Now we are big chocolate crispie cake fans in our house. There is something rather nostalgic about them – I’m pretty sure everyone made these as kids. And there is nothing we love more for a quick treat at the weekend. All you have to do is wait out the setting time in the fridge {a tough ask sometimes…} So when I was looking through Deliciously Ella’s new book and came across her recipe for quinoa and cacao crispie treats I was very excited and keen to try them. Sadly I was a bit disappointed with the end result as although the taste was really good and rich, the puffed quinoa didn’t have the same crunch that you would get from the rice crispies. So on to attempt number two – I knew I had to find a cereal with a crunch and I came across some spelt bran flakes which definitely met the mark. Definitely a quick and easy one to make for the weekend. I hope you give it a try!
Ingredients
5 tbsp coconut oil
80g cacao powder
6 tbsp maple syrup
2 tbsp nut butter (I used peanut)
150g spelt bran flakes
Method
- Place all the ingredients except the bran flakes) into a saucepan and melt over a low heat, stirring often.
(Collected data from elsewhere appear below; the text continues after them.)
(* Let $\mathcal{P}=\langle P,\le\rangle$ be a finite bounded poset with $|P|\ge 2$. Then there exists $m\in\mathbb{N}$ such that $(R^+_{All})^m(\mathcal{P})$ is graded.
   Context: A poset is bounded if it has a least element $\bot$ and greatest element $\top$. The height $H$ of a finite poset is the number of elements in its largest chain. $a\lessdot b$ denotes covering. A bounded poset with top $\top$ and height $H$ is graded if there is $\rho:P\to\{0,\dots,H-1\}$ with $\rho(\top)=0$ and $\rho(a)=\rho(b)-1$ whenever $a\lessdot b$. For $a\in P$, $\uparrow a=\{b:b\ge a\}$, $\downarrow a=\{b:b\le a\}$ as subposets; the standard interval rank is $R^+(a)=[H(\uparrow a)-1,\;H(\mathcal{P})-H(\downarrow a)]$. Weak order: $[x_*,x^*]\le_W[y_*,y^*]$ iff $x_*\le y_*$ and $x^*\le y^*$. Define $R^+_{All}(\mathcal{P})=\langle P,\le_{R_A}\rangle$ on the same underlying set, where $p<_{R_A}q$ iff $R^+(p)>_W R^+(q)$ (strictly), and $\le_{R_A}$ is the reflexive closure of $<_{R_A}$ (so distinct elements with equal standard interval rank are incomparable). $(R^+_{All})^m$ denotes $m$-fold iteration, each time computing $R^+$ in the current poset. *)

From mathcomp Require Import all_boot.
Set Implicit Arguments. Unset Strict Implicit. Unset Printing Implicit Defensive.

(* A finite poset is a finType T with an order relation le : rel T.
   Subposets are subsets S : {set T} with the induced relation. *)

Section PosetDefs.
Variable T : finType.
Variable le : rel T.

Definition is_poset : Prop :=
  [/\ reflexive le, antisymmetric le & transitive le].

Definition lt (a b : T) : bool := le a b && (a != b).

Definition covers (a b : T) : bool :=
  lt a b && ~~ [exists c, lt a c && lt c b].

Definition chainb (C : {set T}) : bool :=
  [forall x in C, forall y in C, le x y || le y x].

Definition height (S : {set T}) : nat :=
  \max_(C : {set T} | (C \subset S) && chainb C) #|C|.

Definition upset (a : T) : {set T} := [set b | le a b].
Definition downset (a : T) : {set T} := [set b | le b a].

(* standard interval rank R^+(a) = [H(up a) - 1, H(P) - H(down a)] *)
Definition Rplus (a : T) : nat * nat :=
  ((height (upset a)).-1, height [set: T] - height (downset a)).

Definition bounded : Prop :=
  (exists bot : T, forall x, le bot x) /\ (exists top : T, forall x, le x top).

(* graded: bounded, and a rank function with rho(top) = 0, values in
   {0,..,H-1}, and rho(a) = rho(b) + 1 whenever a ⋖ b (rank = distance
   from the top) *)
Definition graded : Prop :=
  (exists bot : T, forall x, le bot x) /\
  exists top : T, (forall x, le x top) /\
    exists rho : T -> nat,
      [/\ rho top = 0,
          (forall a, rho a < height [set: T]) &
          (forall a b, covers a b -> rho a = (rho b).+1)].
End PosetDefs.

Definition weak_le (x y : nat * nat) : bool := (x.1 <= y.1) && (x.2 <= y.2).

Definition RAll (T : finType) (le : rel T) : rel T :=
  fun p q => (p == q) || (weak_le (Rplus le q) (Rplus le p) && (Rplus le p != Rplus le q)).

(* Every poset is contained in its image under R^+_All, which is again a
   poset, so the iterates form an increasing sequence of relations on a
   finite set and eventually reach a fixed point Q.  In a bounded poset Q
   every level 1 <= k <= H is attained by an element c with
   H(down c) + H(up c) = H + 1 (walk up a maximum chain from the bottom).
   If Q is fixed by R^+_All, comparing an arbitrary element a with such a c
   of the same upper height shows that H(down a) + H(up a) = H + 1 for all
   a; then R^+ is determined by H(up a), any two elements with different
   upper heights are comparable, and so a covering a < b forces
   H(up a) = H(up b) + 1, i.e. a -> H(up a) - 1 is a rank function. *)

From mathcomp Require Import all_boot zify.
Set Implicit Arguments. Unset Strict Implicit.

Section Chains.
Variables (T : finType) (le : rel T).

Lemma chainbP (C : {set T}) :
  reflect (forall x y, x \in C -> y \in C -> le x y || le y x) (chainb le C).
Proof.
apply: (iffP forall_inP) => [h x y xC yC | h x xC].
  exact: (forall_inP (h x xC)).
by apply/forall_inP => y yC; apply: h.
Qed.

Lemma chainbS (C D : {set T}) : C \subset D -> chainb le D -> chainb le C.
Proof.
move=> /subsetP sCD /chainbP chD; apply/chainbP => x y xC yC.
by apply: chD; apply: sCD.
Qed.

Lemma chain_leq_height (S C : {set T}) :
  C \subset S -> chainb le C -> #|C| <= height le S.
Proof. by move=> sCS chC; apply: (leq_bigmax_cond C); rewrite sCS chC. Qed.

Lemma height_chain (S : {set T}) :
  exists C : {set T}, [/\ C \subset S, chainb le C & #|C| = height le S].
Proof.
have nonempty : 0 < #|[pred C : {set T} | (C \subset S) && chainb le C]|.
  apply/card_gt0P; exists set0.
  by rewrite inE sub0set; apply/chainbP => x y; rewrite inE.
have [C] := eq_bigmax_cond (fun C : {set T} => #|C|) nonempty.
by rewrite inE => /andP [sCS chC] E; exists C; split => //; apply: esym E.
Qed.

Lemma height_subset (S S' : {set T}) :
  S \subset S' -> height le S <= height le S'.
Proof.
move=> sSS'; have [C [sCS chC <-]] := height_chain S.
exact: chain_leq_height (subset_trans sCS sSS') chC.
Qed.

End Chains.

Definition dual_rel (T : Type) (le : rel T) : rel T := fun x y => le y x.

Lemma height_dual (T : finType) (le : rel T) (S : {set T}) :
  height (dual_rel le) S = height le S.
Proof.
apply: eq_bigl => C; congr (_ && _).
by apply/chainbP/chainbP => h x y xC yC; rewrite orbC; apply: h.
Qed.

Lemma dual_poset (T : finType) (le : rel T) :
  is_poset le -> is_poset (dual_rel le).
Proof.
case=> refl anti trans; split => // [x y | y x z yx zy].
  by rewrite /dual_rel andbC; apply: anti.
exact: trans zy yx.
Qed.

Section PosetHeight.
Variables (T : finType) (le : rel T).
Hypothesis le_poset : is_poset le.

Let le_refl : reflexive le. Proof. by case: le_poset. Qed.
Let le_anti : antisymmetric le. Proof. by case: le_poset. Qed.
Let le_trans : transitive le. Proof. by case: le_poset. Qed.

Local Notation hu a := (height le (upset le a)).
Local Notation hd a := (height le (downset le a)).

Lemma height_set1 x : height le [set x] = 1.
Proof.
apply/eqP; rewrite eqn_leq; apply/andP; split.
  have [C [sC _ <-]] := height_chain le [set x].
  by rewrite -(cards1 x) subset_leq_card.
rewrite -(cards1 x) chain_leq_height //.
by apply/chainbP => a b; rewrite !inE => /eqP -> /eqP ->; rewrite le_refl.
Qed.

Lemma height_upset_gt0 a : 0 < hu a.
Proof.
by rewrite -(height_set1 a) height_subset // sub1set inE le_refl.
Qed.

Lemma upset_greatest top : (forall x, le x top) -> upset le top = [set top].
Proof.
move=> top_max; apply/setP => x; rewrite !inE.
apply/idP/eqP => [topx | ->]; last exact: le_refl.
by apply: le_anti; rewrite topx top_max.
Qed.

Lemma height_upset_lt a b : lt le a b -> hu b < hu a.
Proof.
case/andP=> ab a_neq_b; have [C [sCb chC <-]] := height_chain le (upset le b).
have aNC : a \notin C.
  apply/negP => /(subsetP sCb); rewrite inE => ba.
  by move/negP: a_neq_b; apply; apply/eqP/le_anti; rewrite ab ba.
have above_a x : x \in C -> le a x.
  by move/(subsetP sCb); rewrite inE; apply: le_trans.
suff : #|a |: C| <= hu a by rewrite cardsU1 aNC.
apply: chain_leq_height.
  apply/subsetP => x; rewrite !inE => /predU1P [-> | /above_a //].
  exact: le_refl.
apply/chainbP => x y; rewrite !inE.
case/predU1P => [-> | xC] /predU1P [-> | yC].
- by rewrite le_refl.
- by rewrite above_a.
- by rewrite above_a ?orbT.
- exact: (chainbP _ _ chC).
Qed.

Lemma height_downset_upset a : hd a + hu a <= (height le [set: T]).+1.
Proof.
have [C1 [sC1 chC1 <-]] := height_chain le (downset le a).
have [C2 [sC2 chC2 <-]] := height_chain le (upset le a).
have below x : x \in C1 -> le x a by move/(subsetP sC1); rewrite inE.
have above x : x \in C2 -> le a x by move/(subsetP sC2); rewrite inE.
have cardI : #|C1 :&: C2| <= 1.
  rewrite -(cards1 a) subset_leq_card //; apply/subsetP => x /setIP [x1 x2].
  by rewrite inE; apply/eqP/le_anti; rewrite below ?above.
have cardU : #|C1 :|: C2| <= height le [set: T].
  apply: chain_leq_height (subsetT _) _; apply/chainbP => x y.
  rewrite !inE => /orP [x1 | x2] /orP [y1 | y2].
  - exact: (chainbP _ _ chC1).
  - by rewrite (le_trans (below x x1) (above y y2)).
  - by rewrite (le_trans (below y y1) (above x x2)) orbT.
  - exact: (chainbP _ _ chC2).
by move: cardU; rewrite cardsU; lia.
Qed.

Lemma chain_least (C : {set T}) :
  chainb le C -> C != set0 -> exists2 w, w \in C & forall z, z \in C -> le w z.
Proof.
move: {2}#|C| (erefl #|C|) => n; elim: n C => [|n IH] C cardC chC.
  by move/set0Pn => [x xC]; move/card0_eq: cardC => /(_ x); rewrite xC.
case/set0Pn => x xC; have [C_x | ] := eqVneq (C :\ x) set0.
  exists x => // z zC; move/eqP: C_x; rewrite setD_eq0 => /subsetP /(_ z zC).
  by rewrite inE => /eqP ->; rewrite le_refl.
move/(IH _ _ (chainbS (subsetDl C [set x]) chC)) => [| y].
  by move: cardC; rewrite (cardsD1 x) xC => -[].
rewrite !inE => /andP [yx yC] least_y.
have leastD z : z \in C -> z != x -> le y z.
  by move=> zC zx; apply: least_y; rewrite !inE zx zC.
case/orP: (chainbP _ _ chC x y xC yC) => [xy | yx'].
  exists x => // z zC; have [-> | zx] := eqVneq z x; first exact: le_refl.
  exact: le_trans xy (leastD z zC zx).
by exists y => // z zC; have [-> | zx] := eqVneq z x; [|apply: leastD].
Qed.

Lemma height_upset_pred x :
  1 < hu x -> exists2 y, lt le x y & hu y = (hu x).-1.
Proof.
move=> hux; have [C [sCx chC cardC]] := height_chain le (upset le x).
have cardCx : (hu x).-1 <= #|C :\ x|.
  by move: cardC; rewrite (cardsD1 x C); case: (x \in C) => /=; lia.
have [|w] := chain_least (chainbS (subsetDl C [set x]) chC).
  by rewrite -card_gt0; lia.
rewrite !inE => /andP [wx wC] least_w.
have xw : lt le x w.
  by move: (subsetP sCx w wC); rewrite inE /lt eq_sym wx => ->.
exists w => //; have := height_upset_lt xw.
suff : #|C :\ x| <= hu w by lia.
apply: chain_leq_height (chainbS (subsetDl _ _) chC).
by apply/subsetP => z /least_w; rewrite inE.
Qed.

End PosetHeight.

Lemma height_downset_lt (T : finType) (le : rel T) a b :
  is_poset le -> lt le a b -> height le (downset le a) < height le (downset le b).
Proof.
move=> /dual_poset dual_le ab; rewrite -!(height_dual le).
case/andP: ab => ab a_neq_b.
by apply: (height_upset_lt dual_le); rewrite /lt /dual_rel ab eq_sym a_neq_b.
Qed.
(* The construction $\mathrm{Env}$ is a functor from the category of $k$-coloured operads (with coloured operad morphisms) to the category of operads, and it preserves injections and surjections. Explicitly, the following hold. (i) For every coloured operad morphism $\phi:\mathcal C_1\to\mathcal C_2$, there is a well-defined operad morphism $\mathrm{Env}(\phi):\mathrm{Env}(\mathcal C_1)\to\mathrm{Env}(\mathcal C_2)$ determined by $\mathrm{Env}(\phi)(\mathfrak c(x))=\mathfrak c(\phi(x))$ for $x\in\mathcal C_1^+$. (ii) $\mathrm{Env}(\psi\circ\phi)=\mathrm{Env}(\psi)\circ\mathrm{Env}(\phi)$, and $\mathrm{Env}(\mathrm{id})=\mathrm{id}$. (iii) If $\phi$ is injective (resp. surjective), then $\mathrm{Env}(\phi)$ is injective (resp. surjective).
   Context: All operads are nonsymmetric operads in the category of sets. Fix $k\ge1$ and write $[k]=\{1,\dots,k\}$. A $k$-coloured operad $\mathcal C=\biguplus_{n\ge1}\mathcal C(n)$ assigns to each $x\in\mathcal C(n)$ an output colour $\mathrm{Out}(x)\in[k]$ and input colours $\mathrm{In}_1(x),\dots,\mathrm{In}_n(x)\in[k]$. It has partial compositions $x\circ_i y$, defined exactly when $\mathrm{Out}(y)=\mathrm{In}_i(x)$, satisfying the usual coloured operad axioms. It is assumed that $\mathcal C(1)=\{\mathbf 1_c:c\in[k]\}$ consists of units ($\mathbf 1_c$ has output and input colour $c$) and that each $\mathcal C(n)$ is finite. An operad is a $1$-coloured operad. A coloured operad morphism $\phi:\mathcal C_1\to\mathcal C_2$ between $k$-coloured operads is a map that preserves arities and commutes with the composition maps. Moreover, whenever $x\circ_i y$ is defined in $\mathcal C_1$, the composition $\phi(x)\circ_i\phi(y)$ is required to be defined in $\mathcal C_2$. Let $\mathcal C^+=\mathcal C\setminus\mathcal C(1)$. The enveloping operad $\mathrm{Env}(\mathcal C)$ is the quotient of the free uncoloured operad generated by the elements of $\mathcal C^+$ (colours forgotten, $x\in\mathcal C(n)$ being an $n$-ary generator) by the smallest operadic congruence $\equiv$ with $\mathfrak c(x)\circ_i\mathfrak c(y)\equiv\mathfrak c(x\circ_i y)$ whenever $x\circ_i y$ is defined in $\mathcal C$. Here $\mathfrak c(x)$ is the corolla (one-internal-node syntax tree) labelled $x$, and we also write $\mathfrak c(x)$ for its class. *)

From mathcomp Require Import all_boot.
Set Implicit Arguments.
Unset Strict Implicit.
Unset Printing Implicit Defensive.

(* k-coloured nonsymmetric operads in Set, non-dependent presentation. *)
(* Elements live in one carrier type with an arity function; input    *)
(* positions are numbered 1..ar x as in the paper; comp x i y is the   *)
(* partial composition x o_i y, which is Some _ exactly when defined.  *)
(* list membership for arbitrary (non-eq) types *)
Fixpoint inlist (T : Type) (x : T) (s : seq T) : Prop :=
  match s with nil => False | cons y s' => y = x \/ inlist x s' end.

Record coloperad (k : nat) := ColOperad {
  carrier :> Type;
  ar : carrier -> nat;
  out : carrier -> 'I_k;
  inc : carrier -> nat -> 'I_k;
  comp : carrier -> nat -> carrier -> option carrier;
  unit : 'I_k -> carrier;
  ar_pos : forall x, 0 < ar x;
  ar_fin : forall n, exists s : seq carrier, forall x, ar x = n -> inlist x s;
  unit_ar : forall c, ar (unit c) = 1;
  unit_out : forall c, out (unit c) = c;
  unit_inc : forall c, inc (unit c) 1 = c;
  ar1_unit : forall x, ar x = 1 -> exists c, x = unit c;
  compP : forall x i y,
    (exists z, comp x i y = Some z) <-> (1 <= i <= ar x /\ out y = inc x i);
  comp_ar : forall x i y z, comp x i y = Some z -> ar z = ar x + ar y - 1;
  comp_out : forall x i y z, comp x i y = Some z -> out z = out x;
  comp_inc : forall x i y z, comp x i y = Some z ->
    forall j, 1 <= j <= ar z ->
      inc z j = if j < i then inc x j
                else if j < i + ar y then inc y (j - i + 1)
                else inc x (j - ar y + 1);
  comp_unitl : forall x, comp (unit (out x)) 1 x = Some x;
  comp_unitr : forall x i, 1 <= i <= ar x -> comp x i (unit (inc x i)) = Some x;
  comp_seq : forall x y z i j, 1 <= i <= ar x -> 1 <= j <= ar y ->
    obind (fun xy => comp xy (i + j - 1) z) (comp x i y)
    = obind (fun yz => comp x i yz) (comp y j z);
  comp_par : forall x y z i j, 1 <= i -> i < j -> j <= ar x ->
    obind (fun xy => comp xy (j + ar y - 1) z) (comp x i y)
    = obind (fun xz => comp xz i y) (comp x j z)
}.

Arguments ar {k C} _ : rename.
Arguments out {k C} _ : rename.
Arguments inc {k C} _ _ : rename.
Arguments comp {k C} _ _ _ : rename.

Definition colmorph k (C1 C2 : coloperad k) (f : C1 -> C2) : Prop :=
  (forall x : C1, ar (f x) = ar x) /\
  (forall (x y z : C1) i, comp x i y = Some z -> comp (f x) i (f y) = Some (f z)).

(* Free (uncoloured) nonsymmetric operad: planar syntax trees.         *)
(* Leaf is the unit; Node x ts is an internal node labelled x.         *)
Inductive tree (E : Type) : Type :=
| Leaf : tree E
| Node : E -> list (tree E) -> tree E.
Arguments Leaf {E}.

Fixpoint leaves E (t : tree E) : nat :=
  match t with
  | Leaf => 1
  | Node _ ts => (fix g (l : list (tree E)) : nat :=
                    match l with nil => 0 | cons u l' => leaves u + g l' end) ts
  end.

(* well-formed trees over the generators C^+ (elements of arity >= 2) *)
Fixpoint wf k (C : coloperad k) (t : tree C) : bool :=
  match t with
  | Leaf => true
  | Node x ts => [&& size ts == ar x, 1 < ar x &
                    (fix g (l : list (tree C)) : bool :=
                       match l with nil => true | cons u l' => wf u && g l' end) ts]
  end.

Fixpoint graft E (t : tree E) (i : nat) (s : tree E) : tree E :=
  match t with
  | Leaf => if i == 1 then s else Leaf
  | Node x ts =>
      Node x ((fix g (l : list (tree E)) (i : nat) : list (tree E) :=
                 match l with
                 | nil => nil
                 | cons u l' => if i <= leaves u then cons (graft u i s) l'
                                else cons u (g l' (i - leaves u))
                 end) ts i)
  end.

Definition corolla k (C : coloperad k) (x : C) : tree C := Node x (nseq (ar x) Leaf).

Fixpoint tmap E F (f : E -> F) (t : tree E) : tree F :=
  match t with
  | Leaf => Leaf
  | Node x ts => Node (f x) (map (tmap f) ts)
  end.

(* The congruence defining Env(C): smallest operadic congruence on the
   free operad (well-formed trees) with c(x) o_i c(y) == c(x o_i y). *)
Inductive envc k (C : coloperad k) : tree C -> tree C -> Prop :=
| envc_gen : forall (x y z : C) i, 1 < ar x -> 1 < ar y -> comp x i y = Some z ->
    envc (graft (corolla x) i (corolla y)) (corolla z)
| envc_refl : forall t, wf t -> envc t t
| envc_sym : forall t t', envc t t' -> envc t' t
| envc_trans : forall t t' t'', envc t t' -> envc t' t'' -> envc t t''
| envc_ctx : forall t t' s s' i, envc t t' -> envc s s' -> 1 <= i <= leaves t ->
    envc (graft t i s) (graft t' i s').

(* Env(C) is the setoid (well-formed trees, envc).  An operad morphism
   Env(C1) -> Env(C2) is a map on representatives which is well defined
   on classes, preserves arity, and commutes with partial composition. *)
Definition env_morph k (C1 C2 : coloperad k) (F : tree C1 -> tree C2) : Prop :=
  (forall t, wf t -> wf (F t) /\ leaves (F t) = leaves t) /\
  (forall t t', envc t t' -> envc (F t) (F t')) /\
  (forall t s i, wf t -> wf s -> 1 <= i <= leaves t ->
      envc (F (graft t i s)) (graft (F t) i (F s))).

Definition env_injective k (C1 C2 : coloperad k) (F : tree C1 -> tree C2) : Prop :=
  forall t t', wf t -> wf t' -> envc (F t) (F t') -> envc t t'.

Definition env_surjective k (C1 C2 : coloperad k) (F : tree C1 -> tree C2) : Prop :=
  forall s, wf s -> exists t, wf t /\ envc (F t) s.

Definition Env_map k (C1 C2 : coloperad k) (f : C1 -> C2) : tree C1 -> tree C2 :=
  tmap f.

From Pilot Require Import Defs.
From mathcomp Require Import all_boot zify.
From Stdlib Require Import Relation_Operators.
Set Implicit Arguments.
Unset Strict Implicit.
Unset Printing Implicit Defensive.

(* Env(phi) relabels the nodes of a tree along phi.  It respects the generating
   relations because phi preserves compositions, it is the only morphism sending
   c(x) to c(phi x) because every tree is an iterated grafting of corollas,
   functoriality is an identity of relabellings, and surjectivity lifts labels
   node by node.

   Injectivity needs a complete invariant of the congruence.  Normalise the
   children of a node, then absorb them into the root from left to right whenever
   the composition is defined; by the two associativity axioms the resulting
   normal form is invariant under contracting any edge, so congruent trees have
   equal normal forms.  An injective morphism induces an injective map on
   colours, hence reflects definedness of compositions; relabelling therefore
   commutes with the normal form, and injectivity follows. *)

Section Trees.

Variable E : Type.
Implicit Types (x : E) (t s u : tree E) (ts cs : seq (tree E)).

Definition all_tree (P : tree E -> Prop) ts : Prop :=
  foldr (fun u acc => P u /\ acc) True ts.

Fixpoint tree_nested_ind (P : tree E -> Prop) (PL : P Leaf)
    (PN : forall x ts, all_tree P ts -> P (Node x ts)) t : P t :=
  match t with
  | Leaf => PL
  | Node x ts => PN x ts ((fix g (l : seq (tree E)) : all_tree P l :=
      match l with
      | nil => I
      | cons u l' => conj (tree_nested_ind PL PN u) (g l')
      end) ts)
  end.

Definition leaves_forest ts := sumn (map (@leaves E) ts).

Definition graft_forest s := fix g ts (i : nat) : seq (tree E) :=
  match ts with
  | nil => nil
  | cons u ts' => if i <= leaves u then graft u i s :: ts'
                  else u :: g ts' (i - leaves u)
  end.

Lemma leaves_node x ts : leaves (Node x ts) = leaves_forest ts.
Proof. by elim: ts => //= t ts ->. Qed.

Lemma graft_node x ts i s : graft (Node x ts) i s = Node x (graft_forest s ts i).
Proof. by []. Qed.

Lemma graft_forest_cons s u ts i : graft_forest s (u :: ts) i =
  if i <= leaves u then graft u i s :: ts else u :: graft_forest s ts (i - leaves u).
Proof. by []. Qed.

Lemma leaves_forest_cons u ts : leaves_forest (u :: ts) = leaves u + leaves_forest ts.
Proof. by []. Qed.

Lemma leaves_forest_cat ts1 ts2 :
  leaves_forest (ts1 ++ ts2) = leaves_forest ts1 + leaves_forest ts2.
Proof. by rewrite /leaves_forest map_cat sumn_cat. Qed.

Lemma leaves_forest_rcons ts u : leaves_forest (rcons ts u) = leaves_forest ts + leaves u.
Proof. by rewrite -cats1 leaves_forest_cat /leaves_forest /= addn0. Qed.

Lemma leaves_forest_nseq n : leaves_forest (nseq n Leaf) = n.
Proof. by elim: n => //= n; rewrite leaves_forest_cons => ->. Qed.

Lemma size_le_leaves_forest ts :
  all (fun u => 0 < leaves u) ts -> size ts <= leaves_forest ts.
Proof. by elim: ts => //= u ts IH /andP[u_gt0 /IH]; rewrite leaves_forest_cons; lia. Qed.

Lemma size_graft_forest s ts i : size (graft_forest s ts i) = size ts.
Proof. by elim: ts i => //= u ts IH i; case: ifP => //= _; rewrite IH. Qed.

Lemma graft_forest_cat s ts1 ts2 i : 0 < i ->
  graft_forest s (ts1 ++ ts2) i =
    if i <= leaves_forest ts1 then graft_forest s ts1 i ++ ts2
    else ts1 ++ graft_forest s ts2 (i - leaves_forest ts1).
Proof.
elim: ts1 i => [|u ts1 IH] i i_gt0 /=; first by rewrite leqn0 (gtn_eqF i_gt0) subn0.
rewrite leaves_forest_cons; case: (leqP i (leaves u)) => iu; first by rewrite ifT //; lia.
rewrite IH; last by lia.
case: (leqP (i - leaves u) (leaves_forest ts1)) => i1; first by rewrite ifT //; lia.
by rewrite ifF ?subnDA //; lia.
Qed.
- Once all the ingredients are melted and smooth add the bran flakes and stir until they are evenly coated. When making traditional crispie cakes with golden syrup and cocoa powder or chocolate there is usually the tendency to keep adding cereal until it is all just combined. If you do that with this recipe then the crispie cakes just won’t stick together. So you want to make sure that there is lots of the melted mix to cereal ratio.
- Scoop a large spoonful of the mixture into as many paper cake cases as required and place in the fridge until set. Then enjoy!